Task brief >>
Each line that contains the word "this" is to be copied from the records below.

Working data >>
☆ ☆ ☆
(* Let $R$ be an amenable affine algebra over a field $K$ with no zero divisors. Then there exist a basis $\{e_i\}_{i\ge1}$ of $R$ over $K$ and a finitely additive invariant dimension-measure on $R$ with respect to $\{e_i\}_{i\ge1}$.
   Context: An affine algebra is a finitely generated associative algebra over $K$, not necessarily unital. $R$ is amenable if there exist finite-dimensional $K$-subspaces $W_1\subseteq W_2\subseteq\cdots$ with $\bigcup_nW_n=R$ such that for every $r\in R$, $\lim_{n\to\infty}\dim_K(W_nr+W_n)/\dim_K(W_n)=1$. For $A\subseteq R$, $r\in R$, $Ar=\{ar:a\in A\}$. Subsets $B_1,\dots,B_k$ of $R$ are mutually independent if they are pairwise disjoint and their union is linearly independent over $K$. Given a basis $\{e_i\}_{i\ge1}$ of $R$, a linearly independent subset $L\subseteq R$ is regular if there are subsets $A_1,\dots,A_n$ of $\{e_i\}$ and $r_1,\dots,r_n\in R$ with $L$ the disjoint union of $A_1r_1,\dots,A_nr_n$. A finitely additive invariant dimension-measure with respect to $\{e_i\}$ is a nonnegative function $\mu$ on regular subsets with: (i) $\mu(\{e_i\}_{i\ge1})=1$ and $\mu(A)\le1$ for all regular $A$; (ii) $\mu(A\cup B)=\mu(A)+\mu(B)$ for mutually independent regular $A,B$; (iii) $\mu(Ar)=\mu(A)$ for regular $A$ and nonzero $r\in R$. *)

(* Non-unital associative K-algebras are given as an
   lmodType K together with an explicit bilinear associative product. *)
From mathcomp Require Import all_boot all_order all_algebra.
From mathcomp Require Import Rstruct.
Set Implicit Arguments. Unset Strict Implicit. Unset Printing Implicit Defensive.
Import Order.TTheory GRing.Theory Num.Theory.
Local Open Scope ring_scope.

Section AlgDefs.
Variables (K : fieldType) (V : lmodType K).

Definition lin_indep (A : V -> Prop) : Prop :=
  forall (l : seq V) (c : V -> K),
    uniq l -> (forall x, x \in l -> A x) ->
    \sum_(x <- l) c x *: x = 0 -> forall x, x \in l -> c x = 0.

Definition in_span (A : V -> Prop) (v : V) : Prop :=
  exists (l : seq V) (c : V -> K),
    (forall x, x \in l -> A x) /\ v = \sum_(x <- l) c x *: x.

Definition is_basis (A : V -> Prop) : Prop :=
  lin_indep A /\ forall v, in_span A v.

Definition has_dim (S : V -> Prop) (d : nat) : Prop :=
  exists l : seq V, [/\ uniq l, size l = d, lin_indep (fun x => x \in l) &
    forall v, S v <-> in_span (fun x => x \in l) v].

Variable mul : V -> V -> V.

Definition is_assoc_alg_mul : Prop :=
  [/\ forall a b c, mul a (mul b c) = mul (mul a b) c,
      forall a b c, mul (a + b) c = mul a c + mul b c,
      forall a b c, mul a (b + c) = mul a b + mul a c,
      forall (k : K) a b, mul (k *: a) b = k *: mul a b &
      forall (k : K) a b, mul a (k *: b) = k *: mul a b].

Definition affine_alg : Prop :=
  exists s : seq V, forall S : V -> Prop,
    (forall x, x \in s -> S x) -> S 0 ->
    (forall x y, S x -> S y -> S (x + y)) ->
    (forall (k : K) x, S x -> S (k *: x)) ->
    (forall x y, S x -> S y -> S (mul x y)) ->
    forall v, S v.

Definition no_zero_divisors : Prop :=
  (exists v : V, v != 0) /\ forall a b, mul a b = 0 -> a = 0 \/ b = 0.

Definition transl_sum (W : V -> Prop) (r : V) : V -> Prop :=
  fun v => exists a b, [/\ W a, W b & v = mul a r + b].

Definition amenable : Prop :=
  exists W : nat -> V -> Prop,
    [/\ forall n v, W n v -> W n.+1 v,
        forall v, exists n, W n v &
        forall r, exists d e : nat -> nat,
          [/\ forall n, has_dim (W n) (d n),
              forall n, has_dim (transl_sum (W n) r) (e n) &
              forall eps : rat, 0 < eps -> exists N, forall n, (N <= n)%N ->
                `|(e n)%:R / (d n)%:R - 1| < eps]].

Definition rmul_set (A : V -> Prop) (r : V) : V -> Prop :=
  fun v => exists a, A a /\ v = mul a r.

Definition set_union (A B : V -> Prop) : V -> Prop := fun v => A v \/ B v.

Definition regular (E : V -> Prop) (L : V -> Prop) : Prop :=
  lin_indep L /\
  exists (n : nat) (A : 'I_n -> V -> Prop) (r : 'I_n -> V),
    [/\ forall j v, A j v -> E v,
        forall v, L v <-> exists j, rmul_set (A j) (r j) v &
        forall j k, j != k -> forall v,
          ~ (rmul_set (A j) (r j) v /\ rmul_set (A k) (r k) v)].

Definition mutually_indep (A B : V -> Prop) : Prop :=
  (forall v, ~ (A v /\ B v)) /\ lin_indep (set_union A B).

(* Finitely additive invariant dimension-measure w.r.t. the basis E,
   real valued; only its values on regular subsets matter. *)
Definition dim_measure (E : V -> Prop) (mu : (V -> Prop) -> Rdefinitions.R) : Prop :=
  [/\ mu E = 1,
      forall A, regular E A -> 0 <= mu A /\ mu A <= 1,
      forall A B, regular E A -> regular E B -> mutually_indep A B ->
        mu (set_union A B) = mu A + mu B &
      forall A r, regular E A -> r != 0 -> mu (rmul_set A r) = mu A].

End AlgDefs.

From mathcomp Require Import all_boot all_order all_algebra.
From mathcomp Require Import all_classical all_reals all_analysis.
From mathcomp Require Import Rstruct Rstruct_topology.
From mathcomp Require Import lra zify.
Set Implicit Arguments. Unset Strict Implicit. Unset Printing Implicit Defensive.
Import Order.TTheory GRing.Theory Num.Theory.
Import numFieldNormedType.Exports.
Local Open Scope ring_scope.
Local Open Scope classical_set_scope.

(* Let W_0 <= W_1 <= ... be the Folner exhaustion. The basis is an increasing union of
   finite bases E_0 <= E_1 <= ... of subspaces W_(n_0) <= W_(n_1) <= ..., where E_k is
   chosen so that every element t of the bases of W_0, ..., W_k moves at most |E_k|/(k+1)
   elements x of E_k out of W_(n_k) (that is, x t is not in W_(n_k)). Such a choice exists:
   inside W_n, the w with w t in W_n for all t in a finite set T form a subspace whose
   codimension is at most the sum over T of dim (W_n t + W_n) - dim W_n, which amenability
   makes an arbitrarily small fraction of dim W_n; a basis of this subspace extending E_(k-1)
   is then completed to a basis of W_n.
   For linearly independent L, let c_k(L) be the number of elements of L in W_(n_k), and
   define the measure of L as an ultrafilter limit of c_k(L) / |E_k|. Additivity comes from
   additivity of counting. For invariance, when A is contained in the basis and s != 0,
   right multiplication by s is injective (no zero divisors), so c_k(A s) and c_k(A) differ
   by at most the number of x in E_k with x s outside W_(n_k); as s is a combination of
   finitely many t, this is O(|E_k| / k). A regular set is a finite disjoint union of such
   translates. *)

Section SeqSpan.
Variables (K : fieldType) (V : lmodType K).
Implicit Types (s t : seq V) (v : V) (P : V -> Prop).

Definition seq_span s v := exists a : nat -> K, v = \sum_(0 <= i < size s) a i *: s`_i.

Definition seq_free s := forall a : nat -> K,
  \sum_(0 <= i < size s) a i *: s`_i = 0 -> forall i, (i < size s)%N -> a i = 0.

Definition is_subspace P :=
  [/\ P 0, forall x y, P x -> P y -> P (x + y) & forall k x, P x -> P (k *: x)].

Lemma is_subspace_sum P I r (Q : pred I) (F : I -> V) : is_subspace P ->
  (forall i, Q i -> P (F i)) -> P (\sum_(i <- r | Q i) F i).
Proof. by case=> P0 PD _ PF; apply: big_ind. Qed.

Lemma sum_nth_delta s j : (j < size s)%N ->
  \sum_(0 <= i < size s) (i == j)%:R *: s`_i = s`_j.
Proof.
move=> hj; rewrite big_mkord (bigD1 (Ordinal hj)) //= eqxx scale1r big1 ?addr0 //.
by move=> i; rewrite -val_eqE /= => /negbTE ->; rewrite scale0r.
Qed.

Lemma is_subspace_seq_span s : is_subspace (seq_span s).
Proof.
split.
- by exists (fun=> 0); rewrite big1 // => i _; rewrite scale0r.
- move=> _ _ [a ->] [b ->]; exists (fun i => a i + b i).
  by rewrite -big_split; apply: eq_bigr => i _; rewrite scalerDl.
- move=> k _ [a ->]; exists (fun i => k * a i).
  by rewrite scaler_sumr; apply: eq_bigr => i _; rewrite scalerA.
Qed.

Lemma is_subspace_span_eq P s : (forall v, P v <-> seq_span s v) -> is_subspace P.
Proof.
move=> Ps; have [S0 SD SZ] := is_subspace_seq_span s.
by split=> [|x y /Ps Px /Ps Py|k x /Ps Px]; apply/Ps; auto.
Qed.

Lemma seq_span_mem s x : x \in s -> seq_span s x.
Proof.
move=> xs; exists (fun i => (i == index x s)%:R).
by rewrite sum_nth_delta ?index_mem // nth_index.
Qed.

Lemma seq_span_min P s v : is_subspace P ->
  (forall x, x \in s -> P x) -> seq_span s v -> P v.
Proof.
move=> sP sPs [a ->]; rewrite big_mkord; apply: is_subspace_sum => // i _.
by case: sP => _ _ PZ; apply/PZ/sPs/mem_nth.
Qed.

Lemma in_span_seq_span s v : in_span (fun x => x \in s) v -> seq_span s v.
Proof.
move=> [l [c [ls ->]]]; rewrite big_seq; apply: is_subspace_sum => [|x xl].
  exact: is_subspace_seq_span.
by case: (is_subspace_seq_span s) => _ _ PZ; apply/PZ/seq_span_mem/ls.
Qed.

Lemma seq_span_in_span s v : uniq s -> seq_span s v -> in_span (fun x => x \in s) v.
Proof.
move=> us [a ->]; exists s, (fun x => a (index x s)); split => //.
by rewrite [RHS](big_nth 0); apply: eq_big_nat => i /andP[_ hi]; rewrite index_uniq.
Qed.

Lemma lin_indep_sub P P' : (forall x, P x -> P' x) -> lin_indep P' -> lin_indep P.
Proof. by move=> PP' hP' l c ul hl; apply: hP' => // x /hl /PP'. Qed.

Lemma lin_indep_neq0 P : lin_indep P -> ~ P 0.
Proof.
move=> hP P0; have /eqP : (1 : K) = 0.
  apply: (hP [:: 0] (fun=> 1)) (mem_head _ _) => //; last by rewrite big_seq1 scaler0.
  by move=> y; rewrite inE => /eqP->.
by rewrite oner_eq0.
Qed.

Lemma lin_indep_seq_free s : uniq s -> lin_indep (fun x => x \in s) -> seq_free s.
Proof.
move=> us hs a a0 i hi.
have hc : \sum_(x <- s) a (index x s) *: x = 0.
  by rewrite -[RHS]a0 (big_nth 0); apply: eq_big_nat => j /andP[_ hj]; rewrite index_uniq.
by have := hs s _ us (fun x h => h) hc _ (mem_nth 0 hi); rewrite index_uniq.
Qed.

Lemma seq_free_uniq s : seq_free s -> uniq s.
Proof.
move=> hs; apply/(uniqP 0) => i j hi hj sij; apply/eqP/negPn/negP => nij.
have : (i == i)%:R - (i == j)%:R = 0 :> K.
  apply: (hs (fun k => (k == i)%:R - (k == j)%:R)) => //.
  rewrite (eq_bigr (fun k => (k == i)%:R *: s`_k - (k == j)%:R *: s`_k)).
    by rewrite sumrB !sum_nth_delta // sij subrr.
  by move=> k _; rewrite scalerBl.
by rewrite eqxx (negbTE nij) subr0 => /eqP; rewrite oner_eq0.
Qed.

Lemma seq_free_lin_indep s : seq_free s -> lin_indep (fun x => x \in s).
Proof.
move=> hs l c ul ls c0 x xl.
pose a i := if s`_i \in l then c s`_i else 0.
have a0 : \sum_(0 <= i < size s) a i *: s`_i = 0.
  rewrite -[RHS]c0 (eq_bigr (fun i => if s`_i \in l then c s`_i *: s`_i else 0)).
    rewrite -(big_nth 0 predT (fun y => if y \in l then c y *: y else 0)) -big_mkcond.
    rewrite -big_filter; apply/perm_big/uniq_perm => //.
      by rewrite filter_uniq // seq_free_uniq.
    by move=> y; rewrite mem_filter; case yl: (y \in l) => //=; rewrite ls.
  by move=> i _; rewrite /a; case: ifP; rewrite // scale0r.
have xs : x \in s by exact: ls.
by have := hs a a0 (index x s); rewrite index_mem /a nth_index // xl; apply.
Qed.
☆ ☆ ☆
Solution below >>
   makes an arbitrarily small fraction of dim W_n; a basis of this subspace extending E_(k-1)
   finitely many t, this is O(|E_k| / k). A regular set is a finite disjoint union of such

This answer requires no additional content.